Si nous avons l’air assez indépendants, nous pouvons faire pour vous des choses que même la CIA ne peut pas faire – l’ancien premier ministre du Canada Jean Chrétien.

À mesure que la crise politique au Venezuela s’aggrave, le rôle de premier plan que jouent le Canada et le gouvernement Trudeau dans le coup d’État orchestré par les États-Unis devient de plus en plus évident. Comme son homologue américain, l’impérialisme canadien convoite les vastes ressources pétrolières du Venezuela et est déterminé à empêcher la Russie, la Chine et d’autres «rivaux stratégiques» d’étendre leur influence dans les Amériques, même si cette poursuite nue des intérêts prédateurs menace de déclencher un sanglant conflit.
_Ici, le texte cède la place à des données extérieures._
(* Let $M$ be a uniformly discrete, bounded, separable pointed metric space and let $X\subset\mathrm{Lip}_0(M)$ be a Banach space such that $X^*=\mathcal F(M)$ isometrically. If for every $x\in M\setminus\{0\}$ the indicator function $\mathbf 1_{\{x\}}$ belongs to $X$, then $X$ is a natural predual of $\mathcal F(M)$. Moreover $0$ is the unique accumulation point of $\delta(M)$ in the $\sigma(\mathcal F(M),X)$ topology, and $X$ is isomorphic to $c_0$.
   Context: A pointed metric space $M$ has a distinguished origin $0$. $M$ is uniformly discrete if $\inf\{d(x,y):x\neq y\}>0$. $\mathrm{Lip}_0(M)$ is the Banach space of real Lipschitz functions on $M$ vanishing at $0$ with the best Lipschitz constant as norm; $\delta(x)$ is evaluation at $x$, and the Lipschitz free space $\mathcal F(M)$ is the closed linear span of $\delta(M)$ in $\mathrm{Lip}_0(M)^*$, with $\mathcal F(M)^*=\mathrm{Lip}_0(M)$. For bounded $M$, a Banach space $X\subset\mathrm{Lip}_0(M)$ is a natural predual of $\mathcal F(M)$ if $X^*=\mathcal F(M)$ isometrically and $\delta(M)$ is $\sigma(\mathcal F(M),X)$-closed. *)

From mathcomp Require Import all_boot all_order all_algebra.
From mathcomp Require Import boolp classical_sets reals.
Set Implicit Arguments. Unset Strict Implicit. Unset Printing Implicit Defensive.
Import Order.TTheory GRing.Theory Num.Theory.
Local Open Scope ring_scope.
Local Open Scope classical_set_scope.

Section LipFree.
Context {R : realType} {T : Type} (d : T -> T -> R) (o : T).

Definition is_metric : Prop :=
  (forall x y, 0 <= d x y) /\ (forall x y, d x y = 0 <-> x = y) /\
  (forall x y, d x y = d y x) /\ (forall x y z, d x z <= d x y + d y z).

Definition uniformly_discrete : Prop :=
  exists theta : R, 0 < theta /\ forall x y, x <> y -> theta <= d x y.

Definition bounded_metric : Prop := exists B : R, forall x y, d x y <= B.

(** separable: a countable dense subset (M is nonempty, as it is pointed) *)
Definition separable_metric : Prop :=
  exists s : nat -> T, forall x (e : R), 0 < e -> exists n, d x (s n) < e.

Definition infinite_space : Prop := forall n : nat, exists f : 'I_n -> T, injective f.

Definition Lip0 (f : T -> R) : Prop :=
  f o = 0 /\ exists C : R, forall x y, `|f x - f y| <= C * d x y.

Definition lipnorm (f : T -> R) : R :=
  sup [set r : R | exists x y, x <> y /\ r = `|f x - f y| / d x y].

(** functionals on Lip_0(M) are represented as maps (T -> R) -> R;
    only their values on Lip_0(M) matter. *)
Definition linear_on (A : set (T -> R)) (phi : (T -> R) -> R) : Prop :=
  forall (a : R) f g, A f -> A g ->
    phi (fun x => a * f x + g x) = a * phi f + phi g.

Definition bounded_on (A : set (T -> R)) (phi : (T -> R) -> R) : Prop :=
  exists C : R, forall f, A f -> `|phi f| <= C * lipnorm f.

Definition dualnorm_on (A : set (T -> R)) (phi : (T -> R) -> R) : R :=
  sup [set r : R | exists f, A f /\ lipnorm f <= 1 /\ r = `|phi f|].

Definition dualnorm := dualnorm_on Lip0.

Definition delta (x : T) : (T -> R) -> R := fun f => f x.

Definition delta_comb (s : seq (R * T)) : (T -> R) -> R :=
  fun f => \sum_(p <- s) p.1 * f p.2.

(** F(M): closed linear span of delta(M) in Lip_0(M)^* *)
Definition inF (phi : (T -> R) -> R) : Prop :=
  linear_on Lip0 phi /\ bounded_on Lip0 phi /\
  forall e : R, 0 < e -> exists s : seq (R * T),
    dualnorm (fun f => phi f - delta_comb s f) <= e.

Definition feq (phi psi : (T -> R) -> R) : Prop :=
  forall f, Lip0 f -> phi f = psi f.

Definition banach_subspace (X : set (T -> R)) : Prop :=
  (forall f, X f -> Lip0 f) /\ X (fun _ => 0) /\
  (forall (a : R) f g, X f -> X g -> X (fun x => a * f x + g x)) /\
  (forall f, Lip0 f ->
     (forall e : R, 0 < e -> exists g, X g /\ lipnorm (fun x => f x - g x) <= e) ->
     X f).

(** X^* = F(M) isometrically, via the canonical pairing <f, gamma> = gamma(f):
    the restriction map F(M) -> X^* is an isometry onto X^*. *)
Definition isometric_predual (X : set (T -> R)) : Prop :=
  (forall gamma, inF gamma -> dualnorm_on X gamma = dualnorm gamma) /\
  (forall psi, linear_on X psi -> bounded_on X psi ->
     exists gamma, inF gamma /\ forall f, X f -> gamma f = psi f).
Le 25 février, le vice-président américain Mike Pence a été invité à prendre la parole lors d’une réunion à Bogota du Groupe de Lima, une coalition d’alliés des États-Unis dans la région, co-fondée et dirigée par le Canada. Dans un discours belliqueux, M. Pence a juré «qu’il n’y a pas de retour en arrière» au Venezuela et a réitéré la menace du président américain Donald Trump que «toutes les options sont sur la table» – c’est-à-dire une intervention militaire – pour forcer Nicolás Maduro et son régime nationaliste bourgeois à quitter le pouvoir.

Après le discours de Pence, le Groupe de Lima, composé du Canada et de treize pays d’Amérique latine, a publié une déclaration réitérant son soutien au président intérimaire autoproclamé Juan Guaidó et appuyant la demande de Pence que l’armée vénézuélienne achève le coup d’État mené par les États-Unis en passant de Maduro, président élu du pays, au futur dirigeant fantoche des États-Unis.

Seuls deux membres du groupe, le Mexique et l’Uruguay, ont refusé d’appuyer la déclaration. Mais le Canada travaille en coulisse, apparemment avec un certain succès, pour convaincre le Mexique d’abandonner sa position actuelle qui consiste à préconiser un règlement négocié entre Maduro et l’opposition de droite, pro-américaine, du Venezuela.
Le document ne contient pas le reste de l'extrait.